Reproduce exactly the lines from the top of the records below through the line holding "have hnil : is_partition [::] by [].".

[Collected data]
=-=-=

Lemma runners_reach_core lam c al a be b :
  is_partition lam -> is_partition al -> is_partition be ->
  runner lam c 0 al a -> runner lam c 1 be b ->
  exists2 nu, domino_reach lam nu &
    [/\ is_partition nu, runner nu c 0 [::] a & runner nu c 1 [::] b].
Proof.
move=> hp hal hbe h0 h1.
have [|nu hreach [hnu h0' h1']] := empty_runner _ hp hal h0 h1; first by [].
have [|nu' hreach' [hnu' h1'' h0'']] := empty_runner _ hnu hbe h1' h0'; first by [].
by exists nu'; [exact: domino_reach_trans hreach hreach' | ].
Qed.

Lemma Phi_spec_of_runners t lam c mu1 mu2 :
  is_partition lam -> is_partition mu1 -> is_partition mu2 ->
  runner lam c 0 mu2 0 -> runner lam c 1 mu1 t%:Z -> Phi_spec t (mu1, mu2) lam.
Proof.
move=> hp hmu1 hmu2 h0 h1.
have [nu hreach [hnu hnu0 hnu1]] := runners_reach_core hp hmu2 hmu1 h0 h1.
have [enu ec] := runners_inj hnu (Delta_partition t) hnu0 hnu1 (Delta_runner0 t) (Delta_runner1 t).
subst nu c; split; first by split=> //; exact: Delta_no_domino.
exact: bar_quot2_runners.
Qed.

(* The charges of the runners are invariant under domino removal, so they can be
   read off the 2-core. *)
Lemma Phi_spec_runners t mu lam : is_partition lam -> Phi_spec t mu lam ->
  runner lam (t%:Z + 1) 0 mu.2 0 /\ runner lam (t%:Z + 1) 1 mu.1 t%:Z.
Proof.
move=> hp [[hreach _] <-].
have [al [a [hal h0]]] := exists_runner (t%:Z + 1) 0 hp.
have [be [b [hbe h1]]] := exists_runner (t%:Z + 1) 1 hp.
have hnil : is_partition [::] by [].
have [ga hga /(runner_inj hnil hga (Delta_runner0 t))[_ ea]] := reach_runner hreach hal h0.
have [gb hgb /(runner_inj hnil hgb (Delta_runner1 t))[_ eb]] := reach_runner hreach hbe h1.
by subst a b; rewrite (bar_quot2_runners hp hal hbe h0 h1).
Qed.

Lemma Phi_spec_inj t mu lam lam' : is_partition lam -> is_partition lam' ->
  Phi_spec t mu lam -> Phi_spec t mu lam' -> lam = lam'.
Proof.
move=> hp hp' /(Phi_spec_runners hp)[h0 h1] /(Phi_spec_runners hp')[h0' h1'].
by have [] := runners_inj hp hp' h0 h1 h0' h1'.
Qed.

(** * The abacus [A_e(mu, c)] *)

Section AbacusE.
Variables (e t : nat) (mu1 mu2 : seq nat).
Hypothesis e_odd : odd e.
Local Notation A := (abacus_eb e (mu1, mu2) (t%:Z - (e./2)%:Z, 0)).

Lemma abacus_e_even w : A (2 * w) <-> beads mu2 0 w.
Proof.
rewrite -in_symbol_beads; have := odd_double_half e; rewrite e_odd => he.
split=> [/abacus_ebP[[j [_ hj]] | [j [hj hjw]]] | hw]; first lia.
  by rewrite (_ : w = j) //; lia.
by apply/abacus_ebP; right; exists w.
Qed.

Lemma abacus_e_odd w : A (2 * w + 1) <-> beads mu1 t w.
Proof.
have := odd_double_half e; rewrite e_odd => he.
split=> [/abacus_ebP[[j [/in_symbol_beads hj hjw]] | [j [_ hj]]] | hw].
- by rewrite (beads_shift _ (c' := t%:Z - (e./2)%:Z) (x' := j)) //; lia.
- lia.
- apply/abacus_ebP; left; exists (w - (e./2)%:Z); split; last lia.
  by apply/in_symbol_beads; rewrite /= (beads_shift _ (c' := t%:Z) (x' := w)) //; lia.
Qed.

Lemma abacus_e_1runner : is_partition mu1 -> is_partition mu2 ->
  exists n, is_1runner_abacus A n.
Proof.
move=> hmu1 hmu2.
exists (2 * (size mu1 + size mu2 + sumn mu1 + sumn mu2 + t)).+2; split=> // j hj.
have := nth_le_sumn mu1 0; have := nth_le_sumn mu2 0 => h2 h1.
split.
  have [w [ew | ew]] : exists w, - j%:Z = 2 * w \/ - j%:Z = 2 * w + 1.
    by exists (- j%:Z %/ 2)%Z; lia.
  - by rewrite ew; apply/abacus_e_even/beads_low; lia.
  - by rewrite ew; apply/abacus_e_odd/beads_low; lia.
have [w [ew | ew]] : exists w, j%:Z = 2 * w \/ j%:Z = 2 * w + 1 by exists (j%:Z %/ 2)%Z; lia.
- by rewrite ew; apply/negP => /abacus_e_even /(beads_le_head hmu2); lia.
- by rewrite ew; apply/negP => /abacus_e_odd /(beads_le_head hmu1); lia.
Qed.

End AbacusE.

Local Close Scope ring_scope.
Unset Implicit Arguments.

=-=-=

[Task output]
Lemma runners_reach_core lam c al a be b :
  is_partition lam -> is_partition al -> is_partition be ->
  runner lam c 0 al a -> runner lam c 1 be b ->
  exists2 nu, domino_reach lam nu &
    [/\ is_partition nu, runner nu c 0 [::] a & runner nu c 1 [::] b].
Proof.
move=> hp hal hbe h0 h1.
have [|nu hreach [hnu h0' h1']] := empty_runner _ hp hal h0 h1; first by [].
have [|nu' hreach' [hnu' h1'' h0'']] := empty_runner _ hnu hbe h1' h0'; first by [].
by exists nu'; [exact: domino_reach_trans hreach hreach' | ].
Qed.

Lemma Phi_spec_of_runners t lam c mu1 mu2 :
  is_partition lam -> is_partition mu1 -> is_partition mu2 ->
  runner lam c 0 mu2 0 -> runner lam c 1 mu1 t%:Z -> Phi_spec t (mu1, mu2) lam.
Proof.
move=> hp hmu1 hmu2 h0 h1.
have [nu hreach [hnu hnu0 hnu1]] := runners_reach_core hp hmu2 hmu1 h0 h1.
have [enu ec] := runners_inj hnu (Delta_partition t) hnu0 hnu1 (Delta_runner0 t) (Delta_runner1 t).
subst nu c; split; first by split=> //; exact: Delta_no_domino.
exact: bar_quot2_runners.
Qed.

(* The charges of the runners are invariant under domino removal, so they can be
   read off the 2-core. *)
Lemma Phi_spec_runners t mu lam : is_partition lam -> Phi_spec t mu lam ->
  runner lam (t%:Z + 1) 0 mu.2 0 /\ runner lam (t%:Z + 1) 1 mu.1 t%:Z.
Proof.
move=> hp [[hreach _] <-].
have [al [a [hal h0]]] := exists_runner (t%:Z + 1) 0 hp.
have [be [b [hbe h1]]] := exists_runner (t%:Z + 1) 1 hp.
have hnil : is_partition [::] by [].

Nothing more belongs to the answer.